◆ Assignment:
Using the entries that follow, write out the line containing "(* Trade the", the line containing "move: (xD); rewrite", and every line between them, exactly and nothing else.

◆ Records supplied:
******

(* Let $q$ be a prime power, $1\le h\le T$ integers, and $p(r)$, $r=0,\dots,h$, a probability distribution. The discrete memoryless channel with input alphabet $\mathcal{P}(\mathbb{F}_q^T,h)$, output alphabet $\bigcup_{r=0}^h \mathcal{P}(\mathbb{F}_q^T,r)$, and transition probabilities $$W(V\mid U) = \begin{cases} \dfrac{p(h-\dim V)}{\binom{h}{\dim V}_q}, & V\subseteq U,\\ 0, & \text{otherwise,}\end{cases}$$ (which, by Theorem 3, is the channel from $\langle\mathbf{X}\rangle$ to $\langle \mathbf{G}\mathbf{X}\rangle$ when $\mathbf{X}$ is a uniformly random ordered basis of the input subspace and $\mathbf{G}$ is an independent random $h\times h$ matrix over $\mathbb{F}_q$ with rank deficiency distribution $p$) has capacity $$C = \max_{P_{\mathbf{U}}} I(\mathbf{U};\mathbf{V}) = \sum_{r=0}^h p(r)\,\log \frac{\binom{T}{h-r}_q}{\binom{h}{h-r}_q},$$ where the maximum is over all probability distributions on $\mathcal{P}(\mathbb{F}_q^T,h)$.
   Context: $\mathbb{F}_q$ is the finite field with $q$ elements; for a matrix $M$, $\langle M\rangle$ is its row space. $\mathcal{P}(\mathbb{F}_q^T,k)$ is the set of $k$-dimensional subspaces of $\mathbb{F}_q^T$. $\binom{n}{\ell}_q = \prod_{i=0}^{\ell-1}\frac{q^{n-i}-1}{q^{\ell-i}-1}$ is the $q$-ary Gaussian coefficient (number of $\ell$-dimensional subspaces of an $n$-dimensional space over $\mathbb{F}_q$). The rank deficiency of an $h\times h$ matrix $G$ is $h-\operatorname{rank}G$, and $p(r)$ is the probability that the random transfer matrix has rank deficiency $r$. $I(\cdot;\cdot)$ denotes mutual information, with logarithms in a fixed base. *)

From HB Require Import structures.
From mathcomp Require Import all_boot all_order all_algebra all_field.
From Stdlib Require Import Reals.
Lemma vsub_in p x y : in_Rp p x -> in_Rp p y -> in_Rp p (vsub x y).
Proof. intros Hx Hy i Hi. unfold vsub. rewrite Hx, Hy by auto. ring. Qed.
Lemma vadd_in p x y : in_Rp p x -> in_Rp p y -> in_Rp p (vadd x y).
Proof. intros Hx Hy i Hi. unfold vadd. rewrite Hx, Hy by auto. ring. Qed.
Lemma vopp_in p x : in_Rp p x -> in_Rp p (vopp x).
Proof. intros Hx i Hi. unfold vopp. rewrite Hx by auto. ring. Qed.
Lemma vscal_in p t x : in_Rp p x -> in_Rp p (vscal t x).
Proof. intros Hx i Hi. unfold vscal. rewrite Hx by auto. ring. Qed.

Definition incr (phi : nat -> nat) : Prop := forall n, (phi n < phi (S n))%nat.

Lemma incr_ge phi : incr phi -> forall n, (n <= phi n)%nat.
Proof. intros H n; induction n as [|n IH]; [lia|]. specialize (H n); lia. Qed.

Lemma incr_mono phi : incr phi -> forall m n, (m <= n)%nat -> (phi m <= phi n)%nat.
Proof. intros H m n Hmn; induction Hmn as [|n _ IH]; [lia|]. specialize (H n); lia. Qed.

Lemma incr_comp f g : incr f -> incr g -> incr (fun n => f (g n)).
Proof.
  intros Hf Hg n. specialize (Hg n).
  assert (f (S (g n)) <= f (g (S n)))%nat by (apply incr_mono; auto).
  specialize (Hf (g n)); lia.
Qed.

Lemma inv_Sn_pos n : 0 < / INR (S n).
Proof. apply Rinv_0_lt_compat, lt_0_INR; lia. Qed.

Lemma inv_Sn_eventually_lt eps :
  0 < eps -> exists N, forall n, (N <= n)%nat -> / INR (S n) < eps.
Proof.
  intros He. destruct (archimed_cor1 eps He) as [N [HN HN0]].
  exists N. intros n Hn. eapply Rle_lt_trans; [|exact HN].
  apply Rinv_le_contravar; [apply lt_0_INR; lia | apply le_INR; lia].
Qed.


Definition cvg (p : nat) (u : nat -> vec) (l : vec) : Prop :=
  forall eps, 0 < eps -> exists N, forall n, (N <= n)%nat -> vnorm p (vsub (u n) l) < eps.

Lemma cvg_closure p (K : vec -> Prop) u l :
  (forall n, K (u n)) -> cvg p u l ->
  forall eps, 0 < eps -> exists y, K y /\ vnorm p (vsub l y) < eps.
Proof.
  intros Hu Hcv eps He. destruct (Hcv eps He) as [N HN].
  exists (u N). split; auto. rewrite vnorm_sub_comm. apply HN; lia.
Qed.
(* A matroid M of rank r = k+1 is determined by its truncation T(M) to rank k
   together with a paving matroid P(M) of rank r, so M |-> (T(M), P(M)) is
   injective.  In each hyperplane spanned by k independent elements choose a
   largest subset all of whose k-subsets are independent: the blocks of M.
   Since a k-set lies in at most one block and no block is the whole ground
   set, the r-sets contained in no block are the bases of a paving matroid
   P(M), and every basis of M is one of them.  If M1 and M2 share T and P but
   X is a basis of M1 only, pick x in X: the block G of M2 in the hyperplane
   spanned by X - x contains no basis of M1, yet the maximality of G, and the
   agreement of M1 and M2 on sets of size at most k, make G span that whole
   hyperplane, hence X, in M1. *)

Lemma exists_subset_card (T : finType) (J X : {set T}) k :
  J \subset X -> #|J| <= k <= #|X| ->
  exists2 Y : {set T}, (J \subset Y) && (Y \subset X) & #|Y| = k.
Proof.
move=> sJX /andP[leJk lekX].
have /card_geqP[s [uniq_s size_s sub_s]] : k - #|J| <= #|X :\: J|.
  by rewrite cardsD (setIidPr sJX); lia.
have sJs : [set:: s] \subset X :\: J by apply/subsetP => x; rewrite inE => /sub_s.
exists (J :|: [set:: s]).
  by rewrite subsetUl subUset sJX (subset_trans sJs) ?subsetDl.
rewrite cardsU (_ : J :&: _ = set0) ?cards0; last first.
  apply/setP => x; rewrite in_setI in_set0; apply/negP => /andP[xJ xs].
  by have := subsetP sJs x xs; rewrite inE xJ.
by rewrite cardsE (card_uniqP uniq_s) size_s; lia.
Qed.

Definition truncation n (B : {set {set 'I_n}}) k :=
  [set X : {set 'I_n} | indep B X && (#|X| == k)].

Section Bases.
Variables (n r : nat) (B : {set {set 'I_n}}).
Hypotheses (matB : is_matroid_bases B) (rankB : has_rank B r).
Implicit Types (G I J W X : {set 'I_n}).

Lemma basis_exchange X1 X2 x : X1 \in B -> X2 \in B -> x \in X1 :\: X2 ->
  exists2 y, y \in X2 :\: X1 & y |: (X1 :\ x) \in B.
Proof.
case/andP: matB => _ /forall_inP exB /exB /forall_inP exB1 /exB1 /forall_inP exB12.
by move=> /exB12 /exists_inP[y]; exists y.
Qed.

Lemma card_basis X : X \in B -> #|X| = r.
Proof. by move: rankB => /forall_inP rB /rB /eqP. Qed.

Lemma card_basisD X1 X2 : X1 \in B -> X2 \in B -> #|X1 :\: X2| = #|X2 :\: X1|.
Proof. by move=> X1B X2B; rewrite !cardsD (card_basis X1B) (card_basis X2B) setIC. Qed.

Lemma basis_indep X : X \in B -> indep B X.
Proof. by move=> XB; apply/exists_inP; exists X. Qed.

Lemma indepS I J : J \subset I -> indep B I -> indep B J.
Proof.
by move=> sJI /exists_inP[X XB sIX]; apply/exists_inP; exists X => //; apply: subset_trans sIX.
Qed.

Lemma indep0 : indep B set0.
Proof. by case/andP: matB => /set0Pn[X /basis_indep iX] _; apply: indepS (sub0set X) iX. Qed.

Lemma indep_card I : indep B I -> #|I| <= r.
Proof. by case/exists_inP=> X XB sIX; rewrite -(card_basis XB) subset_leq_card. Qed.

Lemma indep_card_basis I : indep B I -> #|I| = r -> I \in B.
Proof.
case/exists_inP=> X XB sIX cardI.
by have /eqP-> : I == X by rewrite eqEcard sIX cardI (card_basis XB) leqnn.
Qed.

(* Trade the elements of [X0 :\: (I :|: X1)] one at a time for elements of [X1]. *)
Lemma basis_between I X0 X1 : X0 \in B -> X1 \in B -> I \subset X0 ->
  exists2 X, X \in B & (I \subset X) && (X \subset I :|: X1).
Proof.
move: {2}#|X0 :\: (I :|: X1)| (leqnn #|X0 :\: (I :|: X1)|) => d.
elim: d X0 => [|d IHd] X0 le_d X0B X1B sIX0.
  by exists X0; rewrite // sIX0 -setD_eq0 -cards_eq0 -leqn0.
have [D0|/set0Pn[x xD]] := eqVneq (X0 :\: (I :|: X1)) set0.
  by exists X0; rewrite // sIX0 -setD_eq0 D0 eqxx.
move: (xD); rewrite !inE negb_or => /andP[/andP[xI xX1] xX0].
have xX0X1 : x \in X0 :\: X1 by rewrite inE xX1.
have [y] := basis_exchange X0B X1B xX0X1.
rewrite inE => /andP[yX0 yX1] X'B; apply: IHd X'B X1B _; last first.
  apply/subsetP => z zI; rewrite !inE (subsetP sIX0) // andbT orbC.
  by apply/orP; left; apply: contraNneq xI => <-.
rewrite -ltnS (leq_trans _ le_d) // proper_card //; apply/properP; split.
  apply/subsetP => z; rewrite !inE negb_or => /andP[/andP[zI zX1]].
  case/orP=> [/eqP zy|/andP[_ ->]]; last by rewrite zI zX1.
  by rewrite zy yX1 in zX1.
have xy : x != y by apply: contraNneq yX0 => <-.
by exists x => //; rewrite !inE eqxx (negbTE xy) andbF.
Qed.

******

◆ Output of the task:
(* Trade the elements of [X0 :\: (I :|: X1)] one at a time for elements of [X1]. *)
Lemma basis_between I X0 X1 : X0 \in B -> X1 \in B -> I \subset X0 ->
  exists2 X, X \in B & (I \subset X) && (X \subset I :|: X1).
Proof.
move: {2}#|X0 :\: (I :|: X1)| (leqnn #|X0 :\: (I :|: X1)|) => d.
elim: d X0 => [|d IHd] X0 le_d X0B X1B sIX0.
  by exists X0; rewrite // sIX0 -setD_eq0 -cards_eq0 -leqn0.
have [D0|/set0Pn[x xD]] := eqVneq (X0 :\: (I :|: X1)) set0.
  by exists X0; rewrite // sIX0 -setD_eq0 D0 eqxx.
move: (xD); rewrite !inE negb_or => /andP[/andP[xI xX1] xX0].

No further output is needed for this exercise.